| Data for analysis |
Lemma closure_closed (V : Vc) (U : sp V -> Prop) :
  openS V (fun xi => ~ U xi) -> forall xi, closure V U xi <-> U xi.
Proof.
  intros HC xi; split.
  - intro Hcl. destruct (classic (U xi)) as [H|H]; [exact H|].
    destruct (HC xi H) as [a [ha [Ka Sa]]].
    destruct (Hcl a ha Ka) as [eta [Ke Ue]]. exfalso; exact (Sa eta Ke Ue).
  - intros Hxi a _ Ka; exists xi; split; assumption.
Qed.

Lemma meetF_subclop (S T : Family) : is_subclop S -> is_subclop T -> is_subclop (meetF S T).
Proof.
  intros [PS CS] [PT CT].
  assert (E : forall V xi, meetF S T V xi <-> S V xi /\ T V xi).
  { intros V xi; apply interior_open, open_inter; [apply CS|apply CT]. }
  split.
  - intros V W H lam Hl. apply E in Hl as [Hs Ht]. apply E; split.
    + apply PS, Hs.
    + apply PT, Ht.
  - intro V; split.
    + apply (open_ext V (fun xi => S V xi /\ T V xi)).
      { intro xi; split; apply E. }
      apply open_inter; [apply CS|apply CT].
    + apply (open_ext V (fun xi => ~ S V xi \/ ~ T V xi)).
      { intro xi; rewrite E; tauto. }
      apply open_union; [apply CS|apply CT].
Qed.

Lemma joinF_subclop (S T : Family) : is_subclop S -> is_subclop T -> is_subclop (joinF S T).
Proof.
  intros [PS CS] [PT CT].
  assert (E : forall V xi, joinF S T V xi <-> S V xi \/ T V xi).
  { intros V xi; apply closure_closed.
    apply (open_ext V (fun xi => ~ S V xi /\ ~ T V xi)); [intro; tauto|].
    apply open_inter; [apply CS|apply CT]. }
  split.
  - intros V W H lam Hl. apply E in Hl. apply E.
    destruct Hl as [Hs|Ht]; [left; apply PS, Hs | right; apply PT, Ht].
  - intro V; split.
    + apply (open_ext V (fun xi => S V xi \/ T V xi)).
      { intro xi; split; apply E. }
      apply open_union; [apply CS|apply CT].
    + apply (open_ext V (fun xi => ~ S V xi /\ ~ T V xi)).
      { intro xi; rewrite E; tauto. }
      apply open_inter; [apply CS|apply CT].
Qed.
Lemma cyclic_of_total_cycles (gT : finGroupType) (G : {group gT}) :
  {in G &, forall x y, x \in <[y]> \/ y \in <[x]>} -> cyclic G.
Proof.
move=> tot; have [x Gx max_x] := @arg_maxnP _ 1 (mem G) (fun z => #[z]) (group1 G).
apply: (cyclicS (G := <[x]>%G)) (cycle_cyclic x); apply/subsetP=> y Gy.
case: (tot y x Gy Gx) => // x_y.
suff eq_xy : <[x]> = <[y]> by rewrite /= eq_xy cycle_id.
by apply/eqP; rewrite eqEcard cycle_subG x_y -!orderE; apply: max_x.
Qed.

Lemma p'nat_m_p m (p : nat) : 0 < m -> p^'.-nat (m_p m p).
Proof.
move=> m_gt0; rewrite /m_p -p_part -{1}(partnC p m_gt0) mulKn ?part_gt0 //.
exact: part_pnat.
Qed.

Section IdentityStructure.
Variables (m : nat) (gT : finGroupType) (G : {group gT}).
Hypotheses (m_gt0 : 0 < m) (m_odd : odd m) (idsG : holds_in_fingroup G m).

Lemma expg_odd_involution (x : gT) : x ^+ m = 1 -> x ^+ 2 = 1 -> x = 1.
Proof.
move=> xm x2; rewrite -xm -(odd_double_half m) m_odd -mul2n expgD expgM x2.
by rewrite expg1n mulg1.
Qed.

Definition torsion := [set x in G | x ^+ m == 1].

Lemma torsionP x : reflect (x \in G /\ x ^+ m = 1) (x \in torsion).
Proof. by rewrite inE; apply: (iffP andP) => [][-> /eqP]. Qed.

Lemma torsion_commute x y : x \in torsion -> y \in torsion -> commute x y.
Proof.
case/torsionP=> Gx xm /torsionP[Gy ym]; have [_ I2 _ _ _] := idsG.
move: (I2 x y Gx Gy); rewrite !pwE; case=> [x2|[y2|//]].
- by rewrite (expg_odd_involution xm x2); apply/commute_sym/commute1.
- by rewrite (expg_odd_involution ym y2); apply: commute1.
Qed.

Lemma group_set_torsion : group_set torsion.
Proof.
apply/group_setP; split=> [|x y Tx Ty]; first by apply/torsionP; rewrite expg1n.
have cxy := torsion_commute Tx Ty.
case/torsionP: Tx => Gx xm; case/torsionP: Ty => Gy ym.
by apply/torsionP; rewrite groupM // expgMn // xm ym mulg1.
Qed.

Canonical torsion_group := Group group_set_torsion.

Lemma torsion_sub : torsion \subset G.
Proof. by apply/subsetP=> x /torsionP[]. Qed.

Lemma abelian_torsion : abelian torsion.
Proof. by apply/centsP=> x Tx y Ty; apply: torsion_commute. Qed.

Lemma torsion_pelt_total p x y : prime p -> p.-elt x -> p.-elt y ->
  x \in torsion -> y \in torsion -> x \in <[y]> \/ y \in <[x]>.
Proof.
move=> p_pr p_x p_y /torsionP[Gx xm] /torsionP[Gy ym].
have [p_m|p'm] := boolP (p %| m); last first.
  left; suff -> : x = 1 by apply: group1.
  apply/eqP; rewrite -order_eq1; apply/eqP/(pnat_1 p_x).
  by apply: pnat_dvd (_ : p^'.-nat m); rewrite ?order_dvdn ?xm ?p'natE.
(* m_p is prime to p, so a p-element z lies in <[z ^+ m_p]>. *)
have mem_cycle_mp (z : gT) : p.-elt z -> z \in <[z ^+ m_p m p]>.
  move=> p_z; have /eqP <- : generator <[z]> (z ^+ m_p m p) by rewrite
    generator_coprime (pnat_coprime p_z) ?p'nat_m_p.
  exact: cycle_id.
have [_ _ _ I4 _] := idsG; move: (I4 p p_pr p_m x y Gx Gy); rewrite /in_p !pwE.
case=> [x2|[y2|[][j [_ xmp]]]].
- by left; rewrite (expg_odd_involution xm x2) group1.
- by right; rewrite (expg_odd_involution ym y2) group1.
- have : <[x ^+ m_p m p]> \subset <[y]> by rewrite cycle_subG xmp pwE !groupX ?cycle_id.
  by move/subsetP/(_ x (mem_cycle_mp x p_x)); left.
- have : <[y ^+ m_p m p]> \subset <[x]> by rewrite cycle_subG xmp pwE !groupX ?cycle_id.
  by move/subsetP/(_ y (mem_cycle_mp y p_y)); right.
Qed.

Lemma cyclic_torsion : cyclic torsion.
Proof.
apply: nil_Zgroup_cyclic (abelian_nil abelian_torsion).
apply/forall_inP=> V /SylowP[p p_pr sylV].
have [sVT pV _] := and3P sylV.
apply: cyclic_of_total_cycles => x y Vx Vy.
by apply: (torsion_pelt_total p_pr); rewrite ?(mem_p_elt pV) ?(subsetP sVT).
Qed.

| Aim of the exercise |
Give every record again, exactly as it reads.

| Your response |
Lemma closure_closed (V : Vc) (U : sp V -> Prop) :
  openS V (fun xi => ~ U xi) -> forall xi, closure V U xi <-> U xi.
Proof.
  intros HC xi; split.
  - intro Hcl. destruct (classic (U xi)) as [H|H]; [exact H|].
    destruct (HC xi H) as [a [ha [Ka Sa]]].
    destruct (Hcl a ha Ka) as [eta [Ke Ue]]. exfalso; exact (Sa eta Ke Ue).
  - intros Hxi a _ Ka; exists xi; split; assumption.
Qed.

Lemma meetF_subclop (S T : Family) : is_subclop S -> is_subclop T -> is_subclop (meetF S T).
Proof.
  intros [PS CS] [PT CT].
  assert (E : forall V xi, meetF S T V xi <-> S V xi /\ T V xi).
  { intros V xi; apply interior_open, open_inter; [apply CS|apply CT]. }
  split.
  - intros V W H lam Hl. apply E in Hl as [Hs Ht]. apply E; split.
    + apply PS, Hs.
    + apply PT, Ht.
  - intro V; split.
    + apply (open_ext V (fun xi => S V xi /\ T V xi)).
      { intro xi; split; apply E. }
      apply open_inter; [apply CS|apply CT].
    + apply (open_ext V (fun xi => ~ S V xi \/ ~ T V xi)).
      { intro xi; rewrite E; tauto. }
      apply open_union; [apply CS|apply CT].
Qed.

Lemma joinF_subclop (S T : Family) : is_subclop S -> is_subclop T -> is_subclop (joinF S T).
Proof.
  intros [PS CS] [PT CT].
  assert (E : forall V xi, joinF S T V xi <-> S V xi \/ T V xi).
  { intros V xi; apply closure_closed.
    apply (open_ext V (fun xi => ~ S V xi /\ ~ T V xi)); [intro; tauto|].
    apply open_inter; [apply CS|apply CT]. }
  split.
  - intros V W H lam Hl. apply E in Hl. apply E.
    destruct Hl as [Hs|Ht]; [left; apply PS, Hs | right; apply PT, Ht].
  - intro V; split.
    + apply (open_ext V (fun xi => S V xi \/ T V xi)).
      { intro xi; split; apply E. }
      apply open_union; [apply CS|apply CT].
    + apply (open_ext V (fun xi => ~ S V xi /\ ~ T V xi)).
      { intro xi; rewrite E; tauto. }
      apply open_inter; [apply CS|apply CT].
Qed.
Lemma cyclic_of_total_cycles (gT : finGroupType) (G : {group gT}) :
  {in G &, forall x y, x \in <[y]> \/ y \in <[x]>} -> cyclic G.
Proof.
move=> tot; have [x Gx max_x] := @arg_maxnP _ 1 (mem G) (fun z => #[z]) (group1 G).
apply: (cyclicS (G := <[x]>%G)) (cycle_cyclic x); apply/subsetP=> y Gy.
case: (tot y x Gy Gx) => // x_y.
suff eq_xy : <[x]> = <[y]> by rewrite /= eq_xy cycle_id.
by apply/eqP; rewrite eqEcard cycle_subG x_y -!orderE; apply: max_x.
Qed.

Lemma p'nat_m_p m (p : nat) : 0 < m -> p^'.-nat (m_p m p).
Proof.
move=> m_gt0; rewrite /m_p -p_part -{1}(partnC p m_gt0) mulKn ?part_gt0 //.
exact: part_pnat.
Qed.

Section IdentityStructure.
Variables (m : nat) (gT : finGroupType) (G : {group gT}).
Hypotheses (m_gt0 : 0 < m) (m_odd : odd m) (idsG : holds_in_fingroup G m).

Lemma expg_odd_involution (x : gT) : x ^+ m = 1 -> x ^+ 2 = 1 -> x = 1.
Proof.
move=> xm x2; rewrite -xm -(odd_double_half m) m_odd -mul2n expgD expgM x2.
by rewrite expg1n mulg1.
Qed.

Definition torsion := [set x in G | x ^+ m == 1].

Lemma torsionP x : reflect (x \in G /\ x ^+ m = 1) (x \in torsion).
Proof. by rewrite inE; apply: (iffP andP) => [][-> /eqP]. Qed.

Lemma torsion_commute x y : x \in torsion -> y \in torsion -> commute x y.
Proof.
case/torsionP=> Gx xm /torsionP[Gy ym]; have [_ I2 _ _ _] := idsG.
move: (I2 x y Gx Gy); rewrite !pwE; case=> [x2|[y2|//]].
- by rewrite (expg_odd_involution xm x2); apply/commute_sym/commute1.
- by rewrite (expg_odd_involution ym y2); apply: commute1.
Qed.

Lemma group_set_torsion : group_set torsion.
Proof.
apply/group_setP; split=> [|x y Tx Ty]; first by apply/torsionP; rewrite expg1n.
have cxy := torsion_commute Tx Ty.
case/torsionP: Tx => Gx xm; case/torsionP: Ty => Gy ym.
by apply/torsionP; rewrite groupM // expgMn // xm ym mulg1.
Qed.

Canonical torsion_group := Group group_set_torsion.

Lemma torsion_sub : torsion \subset G.
Proof. by apply/subsetP=> x /torsionP[]. Qed.

Lemma abelian_torsion : abelian torsion.
Proof. by apply/centsP=> x Tx y Ty; apply: torsion_commute. Qed.

Lemma torsion_pelt_total p x y : prime p -> p.-elt x -> p.-elt y ->
  x \in torsion -> y \in torsion -> x \in <[y]> \/ y \in <[x]>.
Proof.
move=> p_pr p_x p_y /torsionP[Gx xm] /torsionP[Gy ym].
have [p_m|p'm] := boolP (p %| m); last first.
  left; suff -> : x = 1 by apply: group1.
  apply/eqP; rewrite -order_eq1; apply/eqP/(pnat_1 p_x).
  by apply: pnat_dvd (_ : p^'.-nat m); rewrite ?order_dvdn ?xm ?p'natE.
(* m_p is prime to p, so a p-element z lies in <[z ^+ m_p]>. *)
have mem_cycle_mp (z : gT) : p.-elt z -> z \in <[z ^+ m_p m p]>.
  move=> p_z; have /eqP <- : generator <[z]> (z ^+ m_p m p) by rewrite
    generator_coprime (pnat_coprime p_z) ?p'nat_m_p.
  exact: cycle_id.
have [_ _ _ I4 _] := idsG; move: (I4 p p_pr p_m x y Gx Gy); rewrite /in_p !pwE.
case=> [x2|[y2|[][j [_ xmp]]]].
- by left; rewrite (expg_odd_involution xm x2) group1.
- by right; rewrite (expg_odd_involution ym y2) group1.
- have : <[x ^+ m_p m p]> \subset <[y]> by rewrite cycle_subG xmp pwE !groupX ?cycle_id.
  by move/subsetP/(_ x (mem_cycle_mp x p_x)); left.
- have : <[y ^+ m_p m p]> \subset <[x]> by rewrite cycle_subG xmp pwE !groupX ?cycle_id.
  by move/subsetP/(_ y (mem_cycle_mp y p_y)); right.
Qed.

Lemma cyclic_torsion : cyclic torsion.
Proof.
apply: nil_Zgroup_cyclic (abelian_nil abelian_torsion).
apply/forall_inP=> V /SylowP[p p_pr sylV].
have [sVT pV _] := and3P sylV.
apply: cyclic_of_total_cycles => x y Vx Vy.
by apply: (torsion_pelt_total p_pr); rewrite ?(mem_p_elt pV) ?(subsetP sVT).
Qed.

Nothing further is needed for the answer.